Sun Sep 3 01:04:50 EDT 2006

I was kicking around a bit with the PEAK-Rules code today (after being away 
from it for almost two months), and came up with an idea for how to manage 
code generation more effectively than was possible with my previous ideas.

My original thought was that code generation would be doing the equivalent 
of creating individual "switch" statements representing dispatch tree 
nodes.  This could potentially mean generating quite a large body of code, 
to represent all possible dispatch locations, something like this:

      switch type(expr1):
          case X:
              switch type(expr2):
                  ...
          case Y:
              switch type(expr2):
                  ...

In contrast, RuleDispatch has a short dispatching loop that walks a tree of 
dictionaries, and has some code to get the next expression to be 
computed.  So instead of the dispatch tree being 100% code, it's 100% data.
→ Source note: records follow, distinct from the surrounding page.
(* Let $n,m\in\mathbb{N}$ and suppose: (A1) $X_1,\ldots,X_n,Y_1,\ldots,Y_m$ are GTAI; $\Theta_1,\ldots,\Theta_n,\Delta_1,\ldots,\Delta_m$ are non-negative, non-degenerate at zero, arbitrarily dependent random variables with distributions whose supports are bounded from above, and $(\Theta_1,\ldots,\Theta_n,\Delta_1,\ldots,\Delta_m)$ is independent of $(X_1,\ldots,X_n,Y_1,\ldots,Y_m)$; (A2) $X_i$ has distribution $F_i\in\mathcal{D}\cap\mathcal{L}$ and $Y_j$ has distribution $G_j\in\mathcal{D}\cap\mathcal{L}$ for all $i,j$; for each $i\le n\wedge m$ the pair $(X_i,Y_i)$ is SAI with some constant $C_i>0$; and $X_i$, $Y_j$ are independent whenever $i\neq j$. Let $a:[0,\infty)\to(0,\infty)$ satisfy $a(x)\to\infty$ and $a(x)=o(x)$ as $x\to\infty$. Then for every $1\le i\neq k\le n$ and every $j=1,\ldots,m$, $$\mathbb{P}(\Theta_iX_i>x,\;\Delta_jY_j>y,\;\Theta_k|X_k|>a(x))=o\big(\mathbb{P}(\Theta_iX_i>x,\;\Delta_jY_j>y)\big),\qquad x\wedge y\to\infty.$$
   Context: All distributions considered have infinite right endpoint: $\overline V(x)=1-V(x)>0$ for all $x$. A distribution $V$ belongs to $\mathcal{D}$ (dominated variation) if $\limsup_{x\to\infty}\overline V(tx)/\overline V(x)<\infty$ for some (equivalently all) $t\in(0,1)$; it belongs to $\mathcal{L}$ (long tail) if $\lim_{x\to\infty}\overline V(x-a)/\overline V(x)=1$ for all $a>0$. SAI (strong asymptotic independence): real random variables $X,Y$ with distributions $F,G$ are SAI with constant $C>0$ if, as $x\wedge y\to\infty$, $\mathbb{P}(X^->x,Y>y)=O(F(-x)\overline G(y))$, $\mathbb{P}(X>x,Y^->y)=O(\overline F(x)G(-y))$ and $\mathbb{P}(X>x,Y>y)\sim C\,\overline F(x)\overline G(y)$, where $z^-=\max\{-z,0\}$. GTAI: real random variables $X_1,\ldots,X_n,Y_1,\ldots,Y_m$ with supports unbounded above are GTAI if $\lim_{x_i\wedge x_k\wedge y_j\to\infty}\mathbb{P}(|X_i|>x_i\mid X_k>x_k,Y_j>y_j)=0$ for all $1\le i\neq k\le n$, $1\le j\le m$, and $\lim_{x_i\wedge y_j\wedge y_k\to\infty}\mathbb{P}(|Y_j|>y_j\mid X_i>x_i,Y_k>y_k)=0$ for all $1\le j\neq k\le m$, $1\le i\le n$. For bivariate positive functions, $f=o(g)$ as $x\wedge y\to\infty$ means $f(x,y)/g(x,y)\to0$ as $\min\{x,y\}\to\infty$. *)

From HB Require Import structures.
From mathcomp Require Import all_boot all_order all_algebra.
From mathcomp Require Import all_classical all_reals all_analysis.
Set Implicit Arguments. Unset Strict Implicit. Unset Printing Implicit Defensive.
Import Order.TTheory GRing.Theory Num.Theory.
Import numFieldNormedType.Exports.
Local Open Scope classical_set_scope.
Local Open Scope ring_scope.

Section Defs.
Context {d : measure_display} {T : measurableType d} {R : realType}.
Variable P : probability T R.

Definition pr (A : set T) : R := fine (P A).

Definition tailf (X : T -> R) (x : R) : R := pr [set w | x < X w].
Definition cdf (X : T -> R) (x : R) : R := pr [set w | X w <= x].

Definition inf_right_endpoint (X : T -> R) := forall x, 0 < tailf X x.

(* class D (dominated variation): limsup_{x->oo} Vbar(tx)/Vbar(x) < oo
   for some t in (0,1), i.e. the ratio is eventually bounded. *)
Definition in_D (X : T -> R) :=
  inf_right_endpoint X /\
  exists t : R, 0 < t < 1 /\ exists K : R, exists M : R,
    forall x, M <= x -> tailf X (t * x) / tailf X x <= K.

Definition in_L (X : T -> R) :=
  inf_right_endpoint X /\
  forall a : R, 0 < a ->
    (fun x => tailf X (x - a) / tailf X x) @ +oo --> (1 : R).

Definition negpart (z : R) : R := Num.max (- z) 0.

Definition SAI (X Y : T -> R) (C : R) :=
  0 < C /\
  (exists K M : R, forall x y, M <= x -> M <= y ->
     pr [set w | x < negpart (X w) /\ y < Y w] <= K * (cdf X (- x) * tailf Y y)) /\
  (exists K M : R, forall x y, M <= x -> M <= y ->
     pr [set w | x < X w /\ y < negpart (Y w)] <= K * (tailf X x * cdf Y (- y))) /\
  (forall eps : R, 0 < eps -> exists M : R, forall x y, M <= x -> M <= y ->
     `| pr [set w | x < X w /\ y < Y w] / (C * tailf X x * tailf Y y) - 1 | <= eps).

(* GTAI for X_1..X_n, Y_1..Y_m  (conditional probability written as ratio) *)
Definition GTAI (n m : nat) (X : 'I_n -> T -> R) (Y : 'I_m -> T -> R) :=
  (forall i x, 0 < tailf (X i) x) /\ (forall j y, 0 < tailf (Y j) y) /\
  (forall (i k : 'I_n) (j : 'I_m), i != k ->
     forall eps : R, 0 < eps -> exists M : R, forall xi xk yj,
       M <= xi -> M <= xk -> M <= yj ->
       pr [set w | xi < `|X i w| /\ xk < X k w /\ yj < Y j w]
         / pr [set w | xk < X k w /\ yj < Y j w] <= eps) /\
  (forall (j l : 'I_m) (i : 'I_n), j != l ->
     forall eps : R, 0 < eps -> exists M : R, forall yj xi yl,
       M <= yj -> M <= xi -> M <= yl ->
       pr [set w | yj < `|Y j w| /\ xi < X i w /\ yl < Y l w]
         / pr [set w | xi < X i w /\ yl < Y l w] <= eps).

Definition indep2 (X Y : T -> R) :=
  forall A B : set R, measurable A -> measurable B ->
    P [set w | A (X w) /\ B (Y w)] = (P [set w | A (X w)] * P [set w | B (Y w)])%E.

Definition indep_vec (n m : nat) (U : 'I_n -> T -> R) (V : 'I_m -> T -> R)
    (X : 'I_n -> T -> R) (Y : 'I_m -> T -> R) :=
  forall (A C : 'I_n -> set R) (B D : 'I_m -> set R),
    (forall i, measurable (A i)) -> (forall j, measurable (B j)) ->
    (forall i, measurable (C i)) -> (forall j, measurable (D j)) ->
    P [set w | (forall i, A i (U i w)) /\ (forall j, B j (V j w)) /\
               (forall i, C i (X i w)) /\ (forall j, D j (Y j w))] =
    (P [set w | (forall i, A i (U i w)) /\ (forall j, B j (V j w))] *
     P [set w | (forall i, C i (X i w)) /\ (forall j, D j (Y j w))])%E.

Definition good_mult (Th : T -> R) :=
  measurable_fun setT Th /\
  (forall w, 0 <= Th w) /\
  P [set w | Th w = 0] <> 1%E /\
  exists b : R, P [set w | Th w <= b] = 1%E.

End Defs.

(* The multipliers are bounded by some B almost surely, so the event
   [Theta_k |X_k| > a(x)] forces [|X_k| > a(x) / B], which by GTAI is
   negligible given [X_i > u, Y_j > v], uniformly in large u, v.  To carry this
   through the random multipliers, slice (0, B]^2 into cells
   (t^(l+1) B, t^l B] x (t^(m+1) B, t^m B]: on a cell, (Theta_i, Delta_j) is
   known up to the factor t, independence factorises the probability, and the
   dominated variation of the joint tail of (X_i, Y_j) -- from SAI or from
   independence, together with F_i, G_j in D -- absorbs the factor t into a
   constant K.  Countable additivity over the cells then bounds the numerator
   by eps K times the denominator. *)

From HB Require Import structures.
From mathcomp Require Import all_boot all_order all_algebra.
From mathcomp Require Import all_classical all_reals all_analysis.
From mathcomp Require Import ring lra.
Import Order.TTheory GRing.Theory Num.Theory.
Import numFieldNormedType.Exports.
Local Open Scope classical_set_scope.
Local Open Scope ring_scope.

Section real_facts.
Context {R : realFieldType}.
Implicit Types a b c e p q t th x z : R.

Lemma ler_pdiv2l {x b c} : 0 < x -> 0 < b -> b <= c -> x / c <= x / b.
Proof.
by move=> x0 b0 bc; rewrite ler_pM2l // lef_pV2 // posrE (lt_le_trans b0 bc).
Qed.

Lemma lt_div_of_lt_mul {th z b x} : 0 <= th -> th <= b -> 0 < b -> 0 <= z ->
  x < th * z -> x / b < z.
Proof.
move=> th0 thb b0 z0 h; rewrite ltr_pdivrMr //; apply: (lt_le_trans h).
by rewrite mulrC ler_wpM2l.
Qed.

Lemma lt_mul_of_lt_div {th z b x} : 0 < b -> b < th -> 0 < x -> x / b < z ->
  x < th * z.
Proof.
move=> b0 bth x0; rewrite ltr_pdivrMr // => h.
have z0 : 0 < z by rewrite -(pmulr_lgt0 _ b0); exact: lt_trans h.
by apply: (lt_trans h); rewrite mulrC ltr_pM2r.
Qed.

Lemma gt0_of_lt_mul {th z x} : 0 <= th -> 0 < x -> x < th * z -> 0 < z.
Proof.
move=> th0 x0 h; rewrite ltNge; apply/negP => z0.
by have := lt_le_trans (lt_trans x0 h) (mulr_ge0_le0 th0 z0); rewrite ltxx.
Qed.

Lemma ler_scaled_div {t x a b} : 0 < t -> 0 < x -> 0 < a -> 0 < b -> t * b <= a ->
  t * (x / a) <= x / b.
Proof.
move=> t0 x0 a0 b0 tba.
by rewrite mulrCA ler_pM2l // ler_pdivrMr // mulrC ler_pdivlMr.
Qed.

(* The case [q = 0] holds through the convention [p / 0 = 0]. *)
Lemma ler_div_of_le_mul {e p q} : 0 <= e -> 0 <= q -> p <= e * q -> p / q <= e.
Proof.
move=> e0; rewrite le_eqVlt => /predU1P[<- _|q0 h]; first by rewrite invr0 mulr0.
by rewrite ler_pdivrMr // mulrC.
Qed.

Lemma ler_mul_of_le_div {e p q} : 0 <= q -> p <= q -> p / q <= e -> p <= e * q.
Proof.
rewrite le_eqVlt => /predU1P[<- p0 _|q0 _]; first by rewrite mulr0.
by rewrite ler_pdivrMr // mulrC.
Qed.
What I realized today is that it's possible to make a 50/50 split between 
code and data.  I could create a lazily-expanded dispatch tree using 
dictionaries, just like in RuleDispatch.  But, the choice of what 
expression to look up next, could be embedded in code, something like this:

      node, dispatch_expr = start_node, start_expr
      while not node.isleaf:
          switch dispatch_expr:
              case 1:
                  value = arg1
                  lookup = by_type
              case 2:
                  value = arg2
                  lookup = by_type
              case 3:
                  value = arg1 * arg2
                  lookup = by_value
              ...
          node, dispatch_expr = lookup(node, value)
      return dispatch_expr(*args, kw)

So, there would be cases in the switch for all of the expressions that are 
used in any of the rules.  This would have all the speed benefits of using 
generated bytecode to do expression lookups, but the code would be much 
smaller and would only need to be regenerated when new rule expressions 
were added; any other changes could in principle be made by just updating 
the dispatch tree.  In addition, lazy expansion would be possible, just 
like in RuleDispatch.

All in all, this seems like it would be the shortest route to getting 
predicate dispatch up and running in PEAK-Rules, as it requires only one 
code-generation strategy, essentially creating a single specialized version 
of the dispatch loop for each generic function.

In principle, this strategy should be able to match the performance of even 
the type-tuple-caching system, at least with some tweaks to automatically 
cache entries for not-quite-matched types.  For some functions, this 
strategy should even *exceed* the performance of type-tuple caching, since 
some argument types may not be very selective compared to say, equality 
testing.  So, once I have this approach up and running, I could do some 
performance analysis and see if I can possibly get away with not having the 
type-tuple implementation at all, but simply bootstrapping the core using a 
simplified version of this strategy.

The principal disadvantage to this strategy is that it won't lend itself at 
all well to say, optimization via PyPy or Psyco.  The computed gotos are 
bad enough (as I understand it, they'll cause Psyco to crash at the 
moment), but the use of an external data structure to "interpret" would 
likely give the optimizers fits.  So, such use cases will likely need an 
alternative code-generation strategy, but that's what PEAK-Rules is 
supposed to be good at anyway.  (That is, allowing alternative 
implementations of key features.)